Mills to Be Acquired by Brookfield

Deal comes one week after Mills disclosed a restatement; impact on shareholders' equity could be as much as $352 million.
Stephen TaubJanuary 17, 2007

The Mills Corp., currently embroiled in an accounting scandal, announced that it will be acquired by Brookfield Asset Management for $1.35 billion in cash. Including preferred stock and the assumption of debt, the deal is worth $7.5 billion.

Under the terms of the agreement, Mills will merge into a newly formed subsidiary of Brookfield, a Canadian-based property manager with more than $50 billion of assets under management.

The deal comes one week after Mills, a mall and entertainment center developer, disclosed that it will restate its financials for 2001 through 2004 and the first three quarters of 2005 to correct certain accounting errors. It added that the impact on shareholders’ equity could be as much as $352 million.

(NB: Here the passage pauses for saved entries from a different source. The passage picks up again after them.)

(* Let $n\ge3$, $0<\epsilon<1$, and define $\alpha,\beta,\gamma,\delta$ and the polynomial $Q(\rho)$ as in the context. If $\epsilon>0$ is sufficiently small, then $Q(\rho)>0$ for all $\rho\in(\epsilon,1)$.
   Context: $D(\epsilon) = -n\epsilon^{n+2} + (n+2)\epsilon^{n+1} + n - (n+2)\epsilon$, $N(\epsilon) = -n\epsilon^{n+1} + (n+1)\epsilon^n - 1$, $K(\epsilon) = -1 + \frac{n+1}{n-1}\epsilon - \epsilon^{n-1} + \frac{n-3}{n-1}\epsilon^n$, $M(\epsilon) = \frac{\epsilon^{n+1}-1}{n(n+1)} + \frac{\epsilon-\epsilon^n}{n(n-1)}$; $\delta = \Big(\epsilon^{n-2}(1-\epsilon) - \frac{(n+2)N K}{D} + \frac{n(n-3)}{n-1}\epsilon^{n-1} - (n-1)\epsilon^{n-2} + \frac{n+1}{n-1}\Big)\Big(\frac{(n+2)N}{D}M + \frac{-(n-1)\epsilon^n + n\epsilon^{n-1}-1}{n(n-1)}\Big)^{-1}$, $\gamma = n(n+1)(n+2)(M\delta + K)/D$, $\alpha = -1 - \frac{\delta}{n(n+1)} - \frac{\gamma}{(n+1)(n+2)}$, $\beta = \frac{n+1}{n-1} + \frac{\delta}{n(n-1)} + \frac{\gamma}{n(n+1)}$ (denominators are nonzero for small $\epsilon$); $Q(\rho) = -\frac{\gamma}{(n+1)(n+2)}\rho^{n+2} - \frac{\delta-\gamma}{n(n+1)}\rho^{n+1} - \Big(1 - \frac{2n+\delta}{n(n-1)}\Big)\rho^n + \rho^{n-1} - \alpha - \beta\rho$. *)

From Stdlib Require Import Reals Lra.
Open Scope R_scope.

Section Defs.
Variables (n : nat) (e : R).
Let nr : R := INR n.

Definition Dp : R := - nr * e ^ (n + 2) + (nr + 2) * e ^ (n + 1) + nr - (nr + 2) * e.
Definition Np : R := - nr * e ^ (n + 1) + (nr + 1) * e ^ n - 1.
Definition Kp : R := -1 + (nr + 1) / (nr - 1) * e - e ^ (n - 1) + (nr - 3) / (nr - 1) * e ^ n.
Definition Mp : R := (e ^ (n + 1) - 1) / (nr * (nr + 1)) + (e - e ^ n) / (nr * (nr - 1)).

Definition delta : R :=
  (e ^ (n - 2) * (1 - e) - (nr + 2) * Np * Kp / Dp
     + nr * (nr - 3) / (nr - 1) * e ^ (n - 1) - (nr - 1) * e ^ (n - 2) + (nr + 1) / (nr - 1))
  * / ((nr + 2) * Np / Dp * Mp + (- (nr - 1) * e ^ n + nr * e ^ (n - 1) - 1) / (nr * (nr - 1))).

Definition gamma : R := nr * (nr + 1) * (nr + 2) * (Mp * delta + Kp) / Dp.

Definition alpha : R := -1 - delta / (nr * (nr + 1)) - gamma / ((nr + 1) * (nr + 2)).

Definition beta : R := (nr + 1) / (nr - 1) + delta / (nr * (nr - 1)) + gamma / (nr * (nr + 1)).

Definition Q (rho : R) : R :=
  - gamma / ((nr + 1) * (nr + 2)) * rho ^ (n + 2)
  - (delta - gamma) / (nr * (nr + 1)) * rho ^ (n + 1)
  - (1 - (2 * nr + delta) / (nr * (nr - 1))) * rho ^ n
  + rho ^ (n - 1) - alpha - beta * rho.
End Defs.

From Stdlib Require Import Reals Lra Lia.
From Coquelicot Require Import Coquelicot.
Open Scope R_scope.

(* As eps -> 0 the parameters tend to delta = -n(n+1) and gamma = alpha = beta = 0,
   where Q becomes rho^(n-1) (1 - rho)^2; this limit is bounded below away from the
   endpoints, which settles the middle range of rho.  Near the endpoints we use convexity:
   Q'' = rho^(n-3) P(rho) with P a cubic close to
   (n-1)(n-2) - 2n(n-1) rho + n(n+1) rho^2, which is at least 1 when rho <= 1/(4n^2)
   or rho >= 1 - 1/(4n).  The parameters are designed so that Q(eps) = 0 (this is the
   equation solved by gamma), Q'(eps) = eps^(n-2) (1 - eps) >= 0 (solved by delta) and
   Q(1) = Q'(1) = 0 (solved by alpha and beta).  A convex function vanishing at eps with
   nonnegative slope is positive to the right of eps, and one vanishing at 1 with zero
   slope is positive to the left of 1. *)

Lemma locally_close (f : R -> R) (x eta : R) :
  continuous f x -> 0 < eta -> locally x (fun y => Rabs (f y - f x) < eta).
Proof.
  intros Hf Heta.
  exact (proj1 (filterlim_locally f (f x)) Hf (mkposreal eta Heta)).
Qed.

Mills stated its audit committee, advised by independent counsel and a forensic accounting firm, had identified a number of instances in which company personnel “failed to recognize the implications under GAAP of particular transactions, events, or other facts.” The company’s rapid growth and complex financial structure exacerbated the number of errors, Mills added.

Mills conceded that in a number of instances, “the company’s overall culture and ‘tone at the top’ were heavily focused on meeting external and internal financial expectations.” The company also acknowledged that certain errors reflect “a lack of competence and in some instances a failure of communication and inadequate internal controls.”

The company also warned last week that if it does not come up with about $1.1 billion by March 31, it may be required to sell assets, to recapitalize, to sell the company, or to seek bankruptcy protection.

In a statement announcing the deal with Brookfield, Mark Ordan, chief executive officer and president of The Mills, said, “With this transaction, we have completed our strategic alternatives process by joining with a world class real estate owner and operator. After a very competitive process, in which our board considered numerous alternatives for the company, we believe we have achieved an outcome that is the best possible result for all involved.”